## WORK ITEM
Return, from the data that follows, each line that holds the word "infty".

Segment Start: SUPPLIED RECORDS

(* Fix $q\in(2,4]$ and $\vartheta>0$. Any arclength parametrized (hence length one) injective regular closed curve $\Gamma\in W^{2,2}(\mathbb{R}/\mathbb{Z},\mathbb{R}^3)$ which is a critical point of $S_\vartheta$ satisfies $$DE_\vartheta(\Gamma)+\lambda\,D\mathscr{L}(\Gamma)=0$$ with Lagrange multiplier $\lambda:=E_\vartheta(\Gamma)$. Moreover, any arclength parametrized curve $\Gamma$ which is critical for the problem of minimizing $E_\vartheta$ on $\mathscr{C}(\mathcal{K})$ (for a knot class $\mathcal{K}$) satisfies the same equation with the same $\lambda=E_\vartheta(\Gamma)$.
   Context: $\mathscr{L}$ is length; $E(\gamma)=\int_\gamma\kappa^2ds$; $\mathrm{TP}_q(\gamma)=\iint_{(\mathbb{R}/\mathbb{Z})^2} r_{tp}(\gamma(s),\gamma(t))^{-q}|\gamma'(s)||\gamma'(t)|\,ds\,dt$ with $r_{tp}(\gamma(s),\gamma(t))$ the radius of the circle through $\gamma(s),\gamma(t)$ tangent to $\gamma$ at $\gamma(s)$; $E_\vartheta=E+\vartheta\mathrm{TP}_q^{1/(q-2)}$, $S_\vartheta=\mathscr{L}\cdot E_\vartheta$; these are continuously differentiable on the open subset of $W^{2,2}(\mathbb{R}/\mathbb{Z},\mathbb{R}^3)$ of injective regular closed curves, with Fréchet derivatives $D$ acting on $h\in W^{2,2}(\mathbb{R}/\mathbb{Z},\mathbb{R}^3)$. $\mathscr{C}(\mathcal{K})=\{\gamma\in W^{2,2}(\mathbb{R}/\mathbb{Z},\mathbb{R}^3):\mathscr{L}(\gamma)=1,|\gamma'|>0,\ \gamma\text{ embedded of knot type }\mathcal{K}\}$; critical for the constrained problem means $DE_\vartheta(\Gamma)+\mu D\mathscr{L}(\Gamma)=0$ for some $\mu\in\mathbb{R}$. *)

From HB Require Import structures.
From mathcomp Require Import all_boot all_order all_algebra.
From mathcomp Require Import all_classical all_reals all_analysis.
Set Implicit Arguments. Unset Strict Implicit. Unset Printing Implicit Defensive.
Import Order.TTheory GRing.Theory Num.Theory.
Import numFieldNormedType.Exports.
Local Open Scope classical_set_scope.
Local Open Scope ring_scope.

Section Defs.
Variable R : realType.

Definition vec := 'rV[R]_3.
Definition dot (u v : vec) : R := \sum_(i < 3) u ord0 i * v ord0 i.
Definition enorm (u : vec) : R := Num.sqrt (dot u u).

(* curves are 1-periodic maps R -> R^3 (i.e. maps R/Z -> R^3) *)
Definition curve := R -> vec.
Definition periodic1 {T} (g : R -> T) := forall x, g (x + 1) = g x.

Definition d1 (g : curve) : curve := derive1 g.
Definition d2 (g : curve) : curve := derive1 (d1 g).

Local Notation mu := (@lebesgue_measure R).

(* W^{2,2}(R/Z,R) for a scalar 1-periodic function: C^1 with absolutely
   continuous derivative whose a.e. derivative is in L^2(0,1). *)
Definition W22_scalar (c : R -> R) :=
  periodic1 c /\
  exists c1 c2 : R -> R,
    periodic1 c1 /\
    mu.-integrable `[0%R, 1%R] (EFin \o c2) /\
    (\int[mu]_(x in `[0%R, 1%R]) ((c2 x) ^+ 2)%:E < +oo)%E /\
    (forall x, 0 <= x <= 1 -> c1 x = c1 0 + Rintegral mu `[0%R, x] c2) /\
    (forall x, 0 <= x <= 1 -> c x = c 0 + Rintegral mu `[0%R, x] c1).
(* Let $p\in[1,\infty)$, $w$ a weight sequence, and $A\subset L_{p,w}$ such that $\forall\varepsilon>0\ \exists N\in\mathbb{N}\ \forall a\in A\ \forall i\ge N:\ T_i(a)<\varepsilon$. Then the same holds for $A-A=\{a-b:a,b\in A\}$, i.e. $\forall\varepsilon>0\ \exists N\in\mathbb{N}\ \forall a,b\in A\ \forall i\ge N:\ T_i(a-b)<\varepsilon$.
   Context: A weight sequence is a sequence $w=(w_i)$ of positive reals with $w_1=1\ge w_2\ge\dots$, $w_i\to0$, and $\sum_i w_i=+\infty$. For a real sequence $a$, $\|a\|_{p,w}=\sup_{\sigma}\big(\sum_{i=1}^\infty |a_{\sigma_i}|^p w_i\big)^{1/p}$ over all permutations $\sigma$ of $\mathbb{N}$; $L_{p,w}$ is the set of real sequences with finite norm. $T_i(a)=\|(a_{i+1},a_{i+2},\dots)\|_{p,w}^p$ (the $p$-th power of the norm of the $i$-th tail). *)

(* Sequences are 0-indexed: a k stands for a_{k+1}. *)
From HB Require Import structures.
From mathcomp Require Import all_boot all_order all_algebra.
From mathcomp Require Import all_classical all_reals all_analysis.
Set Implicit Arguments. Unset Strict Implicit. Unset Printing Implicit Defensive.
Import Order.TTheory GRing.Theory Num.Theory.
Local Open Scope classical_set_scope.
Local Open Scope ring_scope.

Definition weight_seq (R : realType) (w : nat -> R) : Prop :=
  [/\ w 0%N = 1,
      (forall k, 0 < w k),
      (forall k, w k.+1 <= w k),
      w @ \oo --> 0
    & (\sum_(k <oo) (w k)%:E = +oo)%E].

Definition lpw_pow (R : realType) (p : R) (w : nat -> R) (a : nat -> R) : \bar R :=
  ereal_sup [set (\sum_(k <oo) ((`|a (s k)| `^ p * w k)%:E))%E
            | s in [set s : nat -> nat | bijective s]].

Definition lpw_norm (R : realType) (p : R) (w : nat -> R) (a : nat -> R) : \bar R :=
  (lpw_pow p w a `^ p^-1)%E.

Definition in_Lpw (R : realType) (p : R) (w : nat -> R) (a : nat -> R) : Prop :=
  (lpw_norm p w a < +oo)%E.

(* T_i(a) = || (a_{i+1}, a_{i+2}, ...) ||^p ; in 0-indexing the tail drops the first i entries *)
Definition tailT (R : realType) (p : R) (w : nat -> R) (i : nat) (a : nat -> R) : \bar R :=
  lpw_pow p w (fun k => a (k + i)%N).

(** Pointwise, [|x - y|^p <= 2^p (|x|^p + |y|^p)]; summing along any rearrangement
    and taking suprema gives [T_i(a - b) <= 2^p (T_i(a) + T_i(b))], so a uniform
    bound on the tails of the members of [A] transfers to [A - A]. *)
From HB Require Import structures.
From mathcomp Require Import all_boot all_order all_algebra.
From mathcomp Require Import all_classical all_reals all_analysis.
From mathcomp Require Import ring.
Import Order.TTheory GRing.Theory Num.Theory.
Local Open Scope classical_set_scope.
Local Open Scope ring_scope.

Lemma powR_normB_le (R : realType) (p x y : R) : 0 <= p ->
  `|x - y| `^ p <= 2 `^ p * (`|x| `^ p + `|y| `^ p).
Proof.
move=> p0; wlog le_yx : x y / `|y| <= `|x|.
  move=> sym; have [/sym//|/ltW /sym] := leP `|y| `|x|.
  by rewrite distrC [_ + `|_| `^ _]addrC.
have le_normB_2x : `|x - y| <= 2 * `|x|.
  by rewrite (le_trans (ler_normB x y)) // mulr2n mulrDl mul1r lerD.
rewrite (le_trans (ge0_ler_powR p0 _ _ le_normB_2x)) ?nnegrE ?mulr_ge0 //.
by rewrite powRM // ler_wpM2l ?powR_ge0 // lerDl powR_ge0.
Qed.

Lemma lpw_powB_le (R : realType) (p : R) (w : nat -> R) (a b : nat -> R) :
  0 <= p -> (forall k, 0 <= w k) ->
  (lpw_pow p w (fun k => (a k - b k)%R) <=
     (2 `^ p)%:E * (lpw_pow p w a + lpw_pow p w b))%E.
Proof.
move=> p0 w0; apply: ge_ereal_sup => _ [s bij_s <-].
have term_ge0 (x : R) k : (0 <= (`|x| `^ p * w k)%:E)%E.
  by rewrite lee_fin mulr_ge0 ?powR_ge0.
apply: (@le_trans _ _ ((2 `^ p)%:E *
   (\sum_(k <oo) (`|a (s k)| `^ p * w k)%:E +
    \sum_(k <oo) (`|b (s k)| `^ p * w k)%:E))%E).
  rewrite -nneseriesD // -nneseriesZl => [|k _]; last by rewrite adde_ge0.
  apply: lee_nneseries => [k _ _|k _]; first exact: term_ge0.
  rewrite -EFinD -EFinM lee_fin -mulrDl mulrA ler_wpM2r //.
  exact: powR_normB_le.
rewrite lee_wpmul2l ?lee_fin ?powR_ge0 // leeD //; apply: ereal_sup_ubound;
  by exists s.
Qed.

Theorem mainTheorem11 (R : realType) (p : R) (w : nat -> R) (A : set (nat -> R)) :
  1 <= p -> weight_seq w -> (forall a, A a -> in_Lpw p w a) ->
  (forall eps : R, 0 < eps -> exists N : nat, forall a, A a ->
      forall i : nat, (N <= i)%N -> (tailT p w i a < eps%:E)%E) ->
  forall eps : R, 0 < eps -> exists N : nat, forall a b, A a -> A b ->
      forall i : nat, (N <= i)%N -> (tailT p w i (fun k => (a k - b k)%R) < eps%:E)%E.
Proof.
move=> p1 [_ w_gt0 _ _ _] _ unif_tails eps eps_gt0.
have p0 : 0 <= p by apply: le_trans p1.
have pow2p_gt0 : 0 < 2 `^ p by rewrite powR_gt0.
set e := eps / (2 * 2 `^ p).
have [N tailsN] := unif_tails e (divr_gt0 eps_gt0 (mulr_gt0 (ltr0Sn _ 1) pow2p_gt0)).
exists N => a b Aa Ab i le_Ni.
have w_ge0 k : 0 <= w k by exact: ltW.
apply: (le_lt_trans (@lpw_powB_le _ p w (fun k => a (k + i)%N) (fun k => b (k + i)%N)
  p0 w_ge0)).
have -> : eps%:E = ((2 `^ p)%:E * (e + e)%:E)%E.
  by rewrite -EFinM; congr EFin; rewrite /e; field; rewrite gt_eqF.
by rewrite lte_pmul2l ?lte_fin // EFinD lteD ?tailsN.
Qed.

Segment End: SUPPLIED RECORDS
Segment Start: SUPPLIED RECORDS

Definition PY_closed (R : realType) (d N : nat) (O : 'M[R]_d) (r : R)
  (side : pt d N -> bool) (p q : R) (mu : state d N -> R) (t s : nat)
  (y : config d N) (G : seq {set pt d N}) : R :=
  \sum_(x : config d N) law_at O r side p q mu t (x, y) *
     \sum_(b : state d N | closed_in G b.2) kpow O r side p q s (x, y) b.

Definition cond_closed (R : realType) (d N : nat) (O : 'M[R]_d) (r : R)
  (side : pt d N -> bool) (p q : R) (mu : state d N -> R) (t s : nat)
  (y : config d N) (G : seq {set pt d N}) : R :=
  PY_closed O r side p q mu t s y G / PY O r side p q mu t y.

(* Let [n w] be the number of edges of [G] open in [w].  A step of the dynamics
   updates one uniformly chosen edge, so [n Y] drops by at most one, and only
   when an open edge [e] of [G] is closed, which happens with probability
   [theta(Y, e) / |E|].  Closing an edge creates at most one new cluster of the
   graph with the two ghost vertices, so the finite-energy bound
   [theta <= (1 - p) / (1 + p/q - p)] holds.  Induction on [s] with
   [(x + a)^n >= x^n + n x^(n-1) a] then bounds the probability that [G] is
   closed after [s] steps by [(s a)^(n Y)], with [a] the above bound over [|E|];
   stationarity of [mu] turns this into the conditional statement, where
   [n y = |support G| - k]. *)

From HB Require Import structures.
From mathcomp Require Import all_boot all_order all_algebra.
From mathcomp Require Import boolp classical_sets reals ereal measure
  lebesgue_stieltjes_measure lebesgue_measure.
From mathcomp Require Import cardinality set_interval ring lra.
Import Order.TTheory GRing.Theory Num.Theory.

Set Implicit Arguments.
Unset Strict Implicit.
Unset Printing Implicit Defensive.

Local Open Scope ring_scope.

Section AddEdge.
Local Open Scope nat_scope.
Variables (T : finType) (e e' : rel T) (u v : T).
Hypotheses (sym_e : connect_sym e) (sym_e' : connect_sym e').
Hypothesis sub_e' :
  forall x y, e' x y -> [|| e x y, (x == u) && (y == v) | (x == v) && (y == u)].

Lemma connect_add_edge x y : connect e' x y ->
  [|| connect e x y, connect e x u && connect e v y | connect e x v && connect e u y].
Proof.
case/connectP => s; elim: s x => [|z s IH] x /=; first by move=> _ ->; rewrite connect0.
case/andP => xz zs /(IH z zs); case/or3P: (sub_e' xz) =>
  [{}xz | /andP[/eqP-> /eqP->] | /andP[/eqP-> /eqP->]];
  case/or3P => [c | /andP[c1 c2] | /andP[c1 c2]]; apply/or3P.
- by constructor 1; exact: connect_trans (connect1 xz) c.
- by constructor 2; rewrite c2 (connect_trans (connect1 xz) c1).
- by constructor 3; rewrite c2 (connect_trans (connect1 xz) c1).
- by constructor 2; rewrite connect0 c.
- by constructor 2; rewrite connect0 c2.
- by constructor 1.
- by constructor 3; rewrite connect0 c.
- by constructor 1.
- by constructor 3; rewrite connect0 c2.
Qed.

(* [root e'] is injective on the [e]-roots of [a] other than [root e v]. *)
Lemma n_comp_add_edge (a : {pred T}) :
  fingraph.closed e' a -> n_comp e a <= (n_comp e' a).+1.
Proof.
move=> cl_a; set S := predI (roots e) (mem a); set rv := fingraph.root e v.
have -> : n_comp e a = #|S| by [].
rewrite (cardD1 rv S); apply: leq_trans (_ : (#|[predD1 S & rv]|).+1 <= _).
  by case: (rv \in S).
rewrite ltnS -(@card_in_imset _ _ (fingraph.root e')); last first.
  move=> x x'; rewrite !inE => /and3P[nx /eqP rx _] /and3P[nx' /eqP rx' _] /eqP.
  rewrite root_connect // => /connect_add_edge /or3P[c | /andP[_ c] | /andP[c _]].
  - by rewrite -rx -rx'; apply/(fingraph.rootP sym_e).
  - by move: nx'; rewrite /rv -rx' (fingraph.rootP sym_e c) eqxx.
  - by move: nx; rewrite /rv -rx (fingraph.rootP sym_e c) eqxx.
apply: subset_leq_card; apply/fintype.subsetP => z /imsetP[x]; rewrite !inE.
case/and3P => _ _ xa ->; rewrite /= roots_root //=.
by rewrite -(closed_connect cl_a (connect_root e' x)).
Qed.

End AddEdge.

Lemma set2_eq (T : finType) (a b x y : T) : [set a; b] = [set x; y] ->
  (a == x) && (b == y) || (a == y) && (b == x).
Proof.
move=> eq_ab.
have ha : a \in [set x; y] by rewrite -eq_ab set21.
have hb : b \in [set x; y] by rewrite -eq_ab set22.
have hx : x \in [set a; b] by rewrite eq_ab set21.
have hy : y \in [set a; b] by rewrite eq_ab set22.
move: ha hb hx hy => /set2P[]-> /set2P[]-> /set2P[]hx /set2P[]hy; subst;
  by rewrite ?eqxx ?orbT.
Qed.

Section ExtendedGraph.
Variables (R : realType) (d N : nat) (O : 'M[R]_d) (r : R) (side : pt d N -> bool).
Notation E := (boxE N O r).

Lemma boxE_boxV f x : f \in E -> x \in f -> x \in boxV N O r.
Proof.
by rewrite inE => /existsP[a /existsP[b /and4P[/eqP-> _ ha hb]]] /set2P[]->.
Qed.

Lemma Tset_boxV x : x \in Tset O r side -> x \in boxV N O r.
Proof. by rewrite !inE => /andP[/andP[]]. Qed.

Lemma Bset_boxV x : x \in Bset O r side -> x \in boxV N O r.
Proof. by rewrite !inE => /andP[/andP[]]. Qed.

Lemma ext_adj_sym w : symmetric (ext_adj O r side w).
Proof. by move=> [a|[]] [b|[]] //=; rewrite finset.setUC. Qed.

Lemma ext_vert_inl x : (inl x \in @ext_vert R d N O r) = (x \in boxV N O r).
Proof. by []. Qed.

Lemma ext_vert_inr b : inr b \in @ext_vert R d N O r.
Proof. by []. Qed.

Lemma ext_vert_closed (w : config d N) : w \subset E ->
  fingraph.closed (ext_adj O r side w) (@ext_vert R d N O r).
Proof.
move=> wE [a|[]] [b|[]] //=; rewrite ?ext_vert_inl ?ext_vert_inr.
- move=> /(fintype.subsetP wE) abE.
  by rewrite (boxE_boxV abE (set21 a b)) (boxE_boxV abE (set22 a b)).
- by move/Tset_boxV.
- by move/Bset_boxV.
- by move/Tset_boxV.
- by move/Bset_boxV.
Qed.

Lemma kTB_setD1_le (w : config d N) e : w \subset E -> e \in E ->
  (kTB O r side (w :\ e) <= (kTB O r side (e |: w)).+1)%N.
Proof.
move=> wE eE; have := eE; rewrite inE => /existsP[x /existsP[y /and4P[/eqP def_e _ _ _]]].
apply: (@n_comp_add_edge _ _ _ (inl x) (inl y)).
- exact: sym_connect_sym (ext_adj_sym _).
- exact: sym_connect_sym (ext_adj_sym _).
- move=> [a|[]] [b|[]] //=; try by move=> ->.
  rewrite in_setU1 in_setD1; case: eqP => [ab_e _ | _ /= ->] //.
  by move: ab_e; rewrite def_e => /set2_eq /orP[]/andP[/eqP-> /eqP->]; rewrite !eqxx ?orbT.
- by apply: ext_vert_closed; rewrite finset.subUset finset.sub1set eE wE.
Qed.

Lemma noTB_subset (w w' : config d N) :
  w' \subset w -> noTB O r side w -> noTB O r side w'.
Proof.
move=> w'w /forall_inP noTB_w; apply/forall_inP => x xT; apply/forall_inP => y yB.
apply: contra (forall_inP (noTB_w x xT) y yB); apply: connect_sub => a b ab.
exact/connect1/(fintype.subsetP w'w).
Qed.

Segment End: SUPPLIED RECORDS

## TASK SOLUTION
(* Let $p\in[1,\infty)$, $w$ a weight sequence, and $A\subset L_{p,w}$ such that $\forall\varepsilon>0\ \exists N\in\mathbb{N}\ \forall a\in A\ \forall i\ge N:\ T_i(a)<\varepsilon$. Then the same holds for $A-A=\{a-b:a,b\in A\}$, i.e. $\forall\varepsilon>0\ \exists N\in\mathbb{N}\ \forall a,b\in A\ \forall i\ge N:\ T_i(a-b)<\varepsilon$.
   Context: A weight sequence is a sequence $w=(w_i)$ of positive reals with $w_1=1\ge w_2\ge\dots$, $w_i\to0$, and $\sum_i w_i=+\infty$. For a real sequence $a$, $\|a\|_{p,w}=\sup_{\sigma}\big(\sum_{i=1}^\infty |a_{\sigma_i}|^p w_i\big)^{1/p}$ over all permutations $\sigma$ of $\mathbb{N}$; $L_{p,w}$ is the set of real sequences with finite norm. $T_i(a)=\|(a_{i+1},a_{i+2},\dots)\|_{p,w}^p$ (the $p$-th power of the norm of the $i$-th tail). *)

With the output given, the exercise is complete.